Exercise ▸ Only these lines should appear, exactly: the one containing "Definition inV (k" and every line after it through the end of the material below.

- Opening Delimiter -

(* Let $1\le k\le n-1$ and $I,J\in V_{k,n}$. For $i\in\mathbb{Z}$ let $I^{+i}$ denote the image of $I$ under $x\mapsto x+i$ with values taken modulo $n$ in $\{1,\dots,n\}$ (re-sorted to an increasing vector). Then: (1) if $I$ and $J$ are weakly separated, then they are noncrossing; (2) if $I^{+i}$ and $J^{+i}$ are noncrossing for every $i\in[n]$, then $I$ and $J$ are weakly separated. Consequently the weak separation complex $\Delta^{Sep}_{k,n}$ equals the intersection over $i\in[n]$ of the images of $\Delta^{NC}_{k,n}$ under the cyclic shift by $i$.
   Context: $V_{k,n}$ denotes the set of integer vectors $I=(i_1,\dots,i_k)$ with $1\le i_1<\dots<i_k\le n$, identified with $k$-subsets of $[n]$. Two arcs $(p<p')$, $(q<q')$ cross if $p<q<p'<q'$ or $q<p<q'<p'$. $I,J\in V_{k,n}$ are noncrossing if for all $1\le a<b\le k$ with $i_\ell=j_\ell$ for all $a<\ell<b$, the arcs $(i_a<i_b)$ and $(j_a<j_b)$ do not cross. $\Delta^{NC}_{k,n}$ is the flag simplicial complex on $V_{k,n}$ whose faces are the sets of pairwise noncrossing vectors. $I,J\in V_{k,n}$ are weakly separated if, placing $1,\dots,n$ as the vertices of a convex $n$-gon in cyclic order, the convex hulls of $I\setminus J$ and $J\setminus I$ are disjoint. $\Delta^{Sep}_{k,n}$ is the simplicial complex on $V_{k,n}$ whose faces are the sets of pairwise weakly separated vectors. *)

From HB Require Import structures.
From mathcomp Require Import all_boot all_order all_algebra.
Set Implicit Arguments. Unset Strict Implicit. Unset Printing Implicit Defensive.
Import Order.TTheory GRing.Theory Num.Theory.

(* Conventions: [n] = {1,...,n} is modelled by 'I_n, the ordinal x : 'I_n
   standing for the integer x+1.  A k-subset I of [n] is a set
   I : {set 'I_n} with #|I| = k; its increasing vector is [vec I]. *)

Definition inV (k n : nat) (I : {set 'I_n}) : bool := #|I| == k.

Definition vec (n : nat) (I : {set 'I_n}) : seq nat :=
  sort leq [seq (val x).+1 | x in I].

Definition vnth (v : seq nat) (l : nat) : nat := nth 0%N v l.-1.

Definition cross (p p' q q' : nat) : bool :=
  ((p < q) && (q < p') && (p' < q'))%N || ((q < p) && (p < q') && (q' < p'))%N.

Definition noncrossing (k n : nat) (I J : {set 'I_n}) : Prop :=
  forall a b : nat, (1 <= a)%N -> (a < b)%N -> (b <= k)%N ->
    (forall l : nat, (a < l)%N -> (l < b)%N -> vnth (vec I) l = vnth (vec J) l) ->
    ~~ cross (vnth (vec I) a) (vnth (vec I) b) (vnth (vec J) a) (vnth (vec J) b).

(* The vertex labelled j = x+1 is placed at the point (j, j^2) of the
   parabola; these n points are the vertices of a convex n-gon whose
   cyclic order is 1,2,...,n. *)
Definition px (n : nat) (x : 'I_n) : rat := ((val x).+1)%:R.
Definition py (n : nat) (x : 'I_n) : rat := (((val x).+1) ^ 2)%:R.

- Closing Delimiter -

Answer to the problem ▸
Definition inV (k n : nat) (I : {set 'I_n}) : bool := #|I| == k.

Definition vec (n : nat) (I : {set 'I_n}) : seq nat :=
  sort leq [seq (val x).+1 | x in I].

Definition vnth (v : seq nat) (l : nat) : nat := nth 0%N v l.-1.

Definition cross (p p' q q' : nat) : bool :=
  ((p < q) && (q < p') && (p' < q'))%N || ((q < p) && (p < q') && (q' < p'))%N.

Definition noncrossing (k n : nat) (I J : {set 'I_n}) : Prop :=
  forall a b : nat, (1 <= a)%N -> (a < b)%N -> (b <= k)%N ->
    (forall l : nat, (a < l)%N -> (l < b)%N -> vnth (vec I) l = vnth (vec J) l) ->
    ~~ cross (vnth (vec I) a) (vnth (vec I) b) (vnth (vec J) a) (vnth (vec J) b).

(* The vertex labelled j = x+1 is placed at the point (j, j^2) of the
   parabola; these n points are the vertices of a convex n-gon whose
   cyclic order is 1,2,...,n. *)
Definition px (n : nat) (x : 'I_n) : rat := ((val x).+1)%:R.
Definition py (n : nat) (x : 'I_n) : rat := (((val x).+1) ^ 2)%:R.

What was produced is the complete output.